La última persona que vio vivo a Hitler fue el fiel edecán Günsche. Luego declararía que a las tres y cuarto de la tarde Hitler estaba apoyado en la mesa de su despacho, frente al retrato de Federico el Grande, y que Eva Hitler estaba en el baño porque él oyó el ruido de descarga de la cisterna. Luego, cuando las puertas quedaron cerradas y clausuradas, los únicos que montaron guardia cerca de ellas fueron Günsche y Linge, encargados de cumplir la última voluntad de su jefe.

A las tres y media de la tarde, los dos SS debatieron si habían oído o no el ruido de un disparo, apagado tal vez por las gruesas paredes de hormigón y difícil de distinguir entre el fragor de la batalla cercana. Por fin, cerca de las cuatro, los dos oficiales decidieron entrar al despacho. Hitler parecía descansar con la cabeza apoyada en el respaldo de un sillón. Tenía un agujero de bala en la sien derecha y un rictus en la boca en la que eran detectables los restos del fino vidrio de una cápsula de cianuro. Del agujero en la cabeza todavía surgía sangre. Su mano izquierda aferraba el retrato de su madre y la derecha estaba caída hacia el suelo cerca de donde había ido a parar su pistola Walther 7.65. Su mujer, que lo había sido por menos de cuarenta horas, estaba descalza, las piernas recogidas sobre el sofá, también con pequeños cristales en la boca.

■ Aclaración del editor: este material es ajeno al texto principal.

(* For every formula $\varphi$ of the modal language $\mathcal{L}_m$, $\varphi$ is derivable in $\mathsf{WK}$ if and only if $\varphi^\tau$ is derivable in $\mathsf{ConstCK}$.
   Context: Language $\mathcal{L}$: formulas $\varphi ::= p \mid \bot \mid \varphi\wedge\varphi \mid \varphi\vee\varphi \mid \varphi\to\varphi \mid \varphi \mathrel{\Box\!\!\to} \varphi \mid \varphi \mathrel{\Diamond\!\!\to}\varphi$; $\neg\varphi:=\varphi\to\bot$, $\top:=\neg\bot$, $\varphi\leftrightarrow\psi:=(\varphi\to\psi)\wedge(\psi\to\varphi)$. Modal language $\mathcal{L}_m$: formulas $\varphi ::= p\mid\bot\mid\varphi\wedge\varphi\mid\varphi\vee\varphi\mid\varphi\to\varphi\mid\Box\varphi\mid\Diamond\varphi$. $\mathsf{ConstCK}$: any axiomatisation of intuitionistic propositional logic in $\mathcal{L}$ with modus ponens, plus axioms CM$_\Box$: $(\varphi\mathrel{\Box\!\!\to}\psi\wedge\chi)\to(\varphi\mathrel{\Box\!\!\to}\psi)\wedge(\varphi\mathrel{\Box\!\!\to}\chi)$; CC$_\Box$: $(\varphi\mathrel{\Box\!\!\to}\psi)\wedge(\varphi\mathrel{\Box\!\!\to}\chi)\to(\varphi\mathrel{\Box\!\!\to}\psi\wedge\chi)$; CN$_\Box$: $\varphi\mathrel{\Box\!\!\to}\top$; CN$_\Diamond$: $\neg(\varphi\mathrel{\Diamond\!\!\to}\bot)$; CK$_\Diamond$: $(\varphi\mathrel{\Box\!\!\to}(\psi\to\chi))\to((\varphi\mathrel{\Diamond\!\!\to}\psi)\to(\varphi\mathrel{\Diamond\!\!\to}\chi))$; rules RA$_\Box$: from $\varphi\leftrightarrow\rho$ infer $(\varphi\mathrel{\Box\!\!\to}\psi)\leftrightarrow(\rho\mathrel{\Box\!\!\to}\psi)$; RC$_\Box$: from $\psi\leftrightarrow\chi$ infer $(\varphi\mathrel{\Box\!\!\to}\psi)\leftrightarrow(\varphi\mathrel{\Box\!\!\to}\chi)$; RA$_\Diamond$, RC$_\Diamond$: the same with $\mathrel{\Diamond\!\!\to}$. $\mathsf{WK}$ (propositional fragment of Wijesekera's logic): intuitionistic propositional logic in $\mathcal{L}_m$ with modus ponens, plus the rule from $\varphi$ infer $\Box\varphi$, and axioms $\Box(\varphi\to\psi)\to(\Box\varphi\to\Box\psi)$, $\Box(\varphi\to\psi)\to(\Diamond\varphi\to\Diamond\psi)$, $\neg\Diamond\bot$. Translation $(\cdot)^\tau:\mathcal{L}_m\to\mathcal{L}$: $p^\tau=p$, $\bot^\tau=\bot$, $(\rho\circ\psi)^\tau=\rho^\tau\circ\psi^\tau$ for $\circ\in\{\wedge,\vee,\to\}$, $(\Box\psi)^\tau=\top\mathrel{\Box\!\!\to}\psi^\tau$, $(\Diamond\psi)^\tau=\top\mathrel{\Diamond\!\!\to}\psi^\tau$. *)

Inductive form : Type :=
| Var : nat -> form
| Bot : form
| And : form -> form -> form
| Or : form -> form -> form
| Imp : form -> form -> form
| CBox : form -> form -> form
| CDia : form -> form -> form.

Definition Neg (a : form) : form := Imp a Bot.
Definition Top : form := Neg Bot.
Definition Iff (a b : form) : form := And (Imp a b) (Imp b a).

Inductive ConstCK : form -> Prop :=
| CK_K : forall a b, ConstCK (Imp a (Imp b a))
| CK_S : forall a b c,
    ConstCK (Imp (Imp a (Imp b c)) (Imp (Imp a b) (Imp a c)))
| CK_AndE1 : forall a b, ConstCK (Imp (And a b) a)
| CK_AndE2 : forall a b, ConstCK (Imp (And a b) b)
| CK_AndI : forall a b, ConstCK (Imp a (Imp b (And a b)))
| CK_OrI1 : forall a b, ConstCK (Imp a (Or a b))
| CK_OrI2 : forall a b, ConstCK (Imp b (Or a b))
| CK_OrE : forall a b c,
    ConstCK (Imp (Imp a c) (Imp (Imp b c) (Imp (Or a b) c)))
| CK_Efq : forall a, ConstCK (Imp Bot a)
| CK_CMBox : forall a b c,
    ConstCK (Imp (CBox a (And b c)) (And (CBox a b) (CBox a c)))
| CK_CCBox : forall a b c,
    ConstCK (Imp (And (CBox a b) (CBox a c)) (CBox a (And b c)))
| CK_CNBox : forall a, ConstCK (CBox a Top)
| CK_CNDia : forall a, ConstCK (Neg (CDia a Bot))
| CK_CKDia : forall a b c,
    ConstCK (Imp (CBox a (Imp b c)) (Imp (CDia a b) (CDia a c)))
| CK_MP : forall a b, ConstCK (Imp a b) -> ConstCK a -> ConstCK b
| CK_RABox : forall a r b, ConstCK (Iff a r) ->
    ConstCK (Iff (CBox a b) (CBox r b))
| CK_RCBox : forall a b c, ConstCK (Iff b c) ->
    ConstCK (Iff (CBox a b) (CBox a c))
| CK_RADia : forall a r b, ConstCK (Iff a r) ->
    ConstCK (Iff (CDia a b) (CDia r b))
| CK_RCDia : forall a b c, ConstCK (Iff b c) ->
    ConstCK (Iff (CDia a b) (CDia a c)).

Inductive mform : Type :=
| MVar : nat -> mform
| MBot : mform
| MAnd : mform -> mform -> mform
| MOr : mform -> mform -> mform
| MImp : mform -> mform -> mform
| MBox : mform -> mform
| MDia : mform -> mform.

Definition MNeg (a : mform) : mform := MImp a MBot.

Inductive WK : mform -> Prop :=
| WK_K : forall a b, WK (MImp a (MImp b a))
| WK_S : forall a b c,
    WK (MImp (MImp a (MImp b c)) (MImp (MImp a b) (MImp a c)))
| WK_AndE1 : forall a b, WK (MImp (MAnd a b) a)
| WK_AndE2 : forall a b, WK (MImp (MAnd a b) b)
| WK_AndI : forall a b, WK (MImp a (MImp b (MAnd a b)))
| WK_OrI1 : forall a b, WK (MImp a (MOr a b))
| WK_OrI2 : forall a b, WK (MImp b (MOr a b))
| WK_OrE : forall a b c,
    WK (MImp (MImp a c) (MImp (MImp b c) (MImp (MOr a b) c)))
| WK_Efq : forall a, WK (MImp MBot a)
| WK_KBox : forall a b,
    WK (MImp (MBox (MImp a b)) (MImp (MBox a) (MBox b)))
| WK_KDia : forall a b,
    WK (MImp (MBox (MImp a b)) (MImp (MDia a) (MDia b)))
| WK_NDia : WK (MNeg (MDia MBot))
| WK_MP : forall a b, WK (MImp a b) -> WK a -> WK b
| WK_Nec : forall a, WK a -> WK (MBox a).

Fixpoint tau (p : mform) : form :=
  match p with
  | MVar n => Var n
  | MBot => Bot
  | MAnd a b => And (tau a) (tau b)
  | MOr a b => Or (tau a) (tau b)
  | MImp a b => Imp (tau a) (tau b)
  | MBox a => CBox Top (tau a)
  | MDia a => CDia Top (tau a)
  end.


(* Erasing the antecedents of the conditionals is a left inverse of [tau]; it
   maps every ConstCK axiom to a WK theorem and every ConstCK rule to a WK
   admissible rule (RA becomes trivial, RC becomes monotonicity of box and
   diamond), which gives the "if" direction.  Conversely, for a fixed
   antecedent, [CBox a] is a normal box: monotone by RC and CM, closed under
   conjunction by CC, and containing every theorem by CN; this is all that is
   needed to derive the translations of the WK axioms and of necessitation. *)

Set Implicit Arguments.
Unset Strict Implicit.

Record hilbert_base (F : Type) (imp conj : F -> F -> F) (Pr : F -> Prop) : Prop := {
  hb_K : forall a b, Pr (imp a (imp b a));
  hb_S : forall a b c, Pr (imp (imp a (imp b c)) (imp (imp a b) (imp a c)));
  hb_conjI : forall a b, Pr (imp a (imp b (conj a b)));
  hb_conjE1 : forall a b, Pr (imp (conj a b) a);
  hb_conjE2 : forall a b, Pr (imp (conj a b) b);
  hb_MP : forall a b, Pr (imp a b) -> Pr a -> Pr b
}.

Section HilbertCalculus.

Context {F : Type} {imp conj : F -> F -> F} {Pr : F -> Prop}.
Hypothesis HB : hilbert_base imp conj Pr.

Lemma imp_weaken a b : Pr b -> Pr (imp a b).
Proof. exact (hb_MP HB (hb_K HB b a)). Qed.

Lemma imp_app a b c : Pr (imp a (imp b c)) -> Pr (imp a b) -> Pr (imp a c).
Proof. intros Habc Hab. exact (hb_MP HB (hb_MP HB (hb_S HB a b c) Habc) Hab). Qed.

Lemma imp_refl a : Pr (imp a a).
Proof. exact (imp_app (hb_K HB a (imp a a)) (hb_K HB a a)). Qed.

Lemma imp_trans a b c : Pr (imp a b) -> Pr (imp b c) -> Pr (imp a c).
Proof. intros Hab Hbc. exact (imp_app (imp_weaken a Hbc) Hab). Qed.

Lemma imp_conj a b c : Pr (imp a b) -> Pr (imp a c) -> Pr (imp a (conj b c)).
Proof. intros Hab Hac. exact (imp_app (imp_trans Hab (hb_conjI HB b c)) Hac). Qed.

Lemma imp_curry a b c : Pr (imp (conj a b) c) -> Pr (imp a (imp b c)).
Proof.
  intro Habc.
  exact (imp_trans (hb_conjI HB a b) (hb_MP HB (hb_S HB b _ c) (imp_weaken b Habc))).
Qed.

Lemma imp_uncurry a b c : Pr (imp a (imp b c)) -> Pr (imp (conj a b) c).
Proof. intro Habc. exact (imp_app (imp_trans (hb_conjE1 HB a b) Habc) (hb_conjE2 HB a b)). Qed.

Lemma conj_intro a b : Pr a -> Pr b -> Pr (conj a b).
Proof. intros Ha Hb. exact (hb_MP HB (hb_MP HB (hb_conjI HB a b) Ha) Hb). Qed.

Lemma conj_elim1 a b : Pr (conj a b) -> Pr a.
Proof. exact (hb_MP HB (hb_conjE1 HB a b)). Qed.

Lemma conj_elim2 a b : Pr (conj a b) -> Pr b.
Proof. exact (hb_MP HB (hb_conjE2 HB a b)). Qed.

End HilbertCalculus.

Lemma ConstCK_hilbert_base : hilbert_base Imp And ConstCK.
Proof. split; [exact CK_K | exact CK_S | exact CK_AndI | exact CK_AndE1 | exact CK_AndE2 | exact CK_MP]. Qed.

Lemma WK_hilbert_base : hilbert_base MImp MAnd WK.
Proof. split; [exact WK_K | exact WK_S | exact WK_AndI | exact WK_AndE1 | exact WK_AndE2 | exact WK_MP]. Qed.

Lemma WK_box_mono a b : WK (MImp a b) -> WK (MImp (MBox a) (MBox b)).
Proof. intro Hab. exact (WK_MP _ _ (WK_KBox a b) (WK_Nec _ Hab)). Qed.

Lemma WK_dia_mono a b : WK (MImp a b) -> WK (MImp (MDia a) (MDia b)).
Proof. intro Hab. exact (WK_MP _ _ (WK_KDia a b) (WK_Nec _ Hab)). Qed.

(* [b] and [And b c] are equivalent when [b] implies [c], so RC and CM give
   monotonicity in the consequent. *)
Lemma CBox_mono a b c : ConstCK (Imp b c) -> ConstCK (Imp (CBox a b) (CBox a c)).
Proof.
  intro Hbc.
  assert (Hb_bc : ConstCK (Iff b (And b c))).
  { apply (conj_intro ConstCK_hilbert_base); [| apply CK_AndE1].
    exact (imp_conj ConstCK_hilbert_base (imp_refl ConstCK_hilbert_base b) Hbc). }
  apply (imp_trans ConstCK_hilbert_base (conj_elim1 ConstCK_hilbert_base (CK_RCBox a _ _ Hb_bc))).
  exact (imp_trans ConstCK_hilbert_base (CK_CMBox a b c) (CK_AndE2 _ _)).
Qed.

Lemma CBox_K a b c : ConstCK (Imp (CBox a (Imp b c)) (Imp (CBox a b) (CBox a c))).
Proof.
  apply (imp_curry ConstCK_hilbert_base).
  apply (imp_trans ConstCK_hilbert_base (CK_CCBox a (Imp b c) b)).
  apply CBox_mono, (imp_uncurry ConstCK_hilbert_base), (imp_refl ConstCK_hilbert_base).
Qed.

Lemma CBox_nec a b : ConstCK b -> ConstCK (CBox a b).
Proof.
  intro Hb.
  exact (CK_MP _ _ (CBox_mono a (imp_weaken ConstCK_hilbert_base Top Hb)) (CK_CNBox a)).
Qed.

Lemma ConstCK_tau p : WK p -> ConstCK (tau p).
Proof.
  induction 1; simpl; try (constructor; fail).
  - apply CBox_K.
  - exact (CK_MP _ _ IHWK1 IHWK2).
  - exact (CBox_nec _ IHWK).
Qed.

Fixpoint erase_antecedents (f : form) : mform :=
  match f with
  | Var n => MVar n
  | Bot => MBot
  | And a b => MAnd (erase_antecedents a) (erase_antecedents b)
  | Or a b => MOr (erase_antecedents a) (erase_antecedents b)
  | Imp a b => MImp (erase_antecedents a) (erase_antecedents b)
  | CBox _ b => MBox (erase_antecedents b)
  | CDia _ b => MDia (erase_antecedents b)
  end.

Lemma erase_antecedents_tau p : erase_antecedents (tau p) = p.
Proof. induction p; simpl; congruence. Qed.

Lemma WK_erase_antecedents f : ConstCK f -> WK (erase_antecedents f).
Proof.
  pose proof (imp_refl WK_hilbert_base) as Hrefl.
  induction 1; simpl in *; try (constructor; fail).
  - apply (imp_conj WK_hilbert_base); apply WK_box_mono; [apply WK_AndE1 | apply WK_AndE2].
  - apply (imp_uncurry WK_hilbert_base).
    exact (imp_trans WK_hilbert_base (WK_box_mono (WK_AndI _ _)) (WK_KBox _ _)).
  - exact (WK_Nec _ (WK_Efq MBot)).
  - exact (WK_MP _ _ IHConstCK1 IHConstCK2).
  - exact (conj_intro WK_hilbert_base (Hrefl _) (Hrefl _)).
  - exact (conj_intro WK_hilbert_base
             (WK_box_mono (conj_elim1 WK_hilbert_base IHConstCK))
             (WK_box_mono (conj_elim2 WK_hilbert_base IHConstCK))).
  - exact (conj_intro WK_hilbert_base (Hrefl _) (Hrefl _)).
  - exact (conj_intro WK_hilbert_base
             (WK_dia_mono (conj_elim1 WK_hilbert_base IHConstCK))
             (WK_dia_mono (conj_elim2 WK_hilbert_base IHConstCK))).
Qed.

Theorem theorem8 : forall phi : mform, WK phi <-> ConstCK (tau phi).
Proof.
  intro phi. split.
  - apply ConstCK_tau.
  - intro H. rewrite <- (erase_antecedents_tau phi). exact (WK_erase_antecedents H).
Qed.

De aquel búnker de alguna forma histórico, quedó poco y nada. Los soviéticos arrasaron con la Cancillería y, entre 1945 y 1949, intentaron borrar todo vestigio del pasado nazi. En diciembre de 1947 quisieron incluso volar la construcción subterránea, pero sólo lograron dañar los muros de separación. Todo aquel complejo quedó del lado soviético cuando el Muro de Berlín dividió en dos la ciudad.

En los años 50, la que había sido la puerta de emergencia del búnker de Hitler, estaba ocupado por una playa de estacionamiento. En junio de 2006, como parte de los preparativos de la Copa Mundial de la FIFA, las autoridades de la Alemania unificada instalaron un gran panel informativo con un tablero que mostraba el diagrama esquemático del complejo. A la ceremonia de inauguración fue invitado el anciano Rochus Misch, uno de los últimos en salir del búnker después del suicidio de Hitler.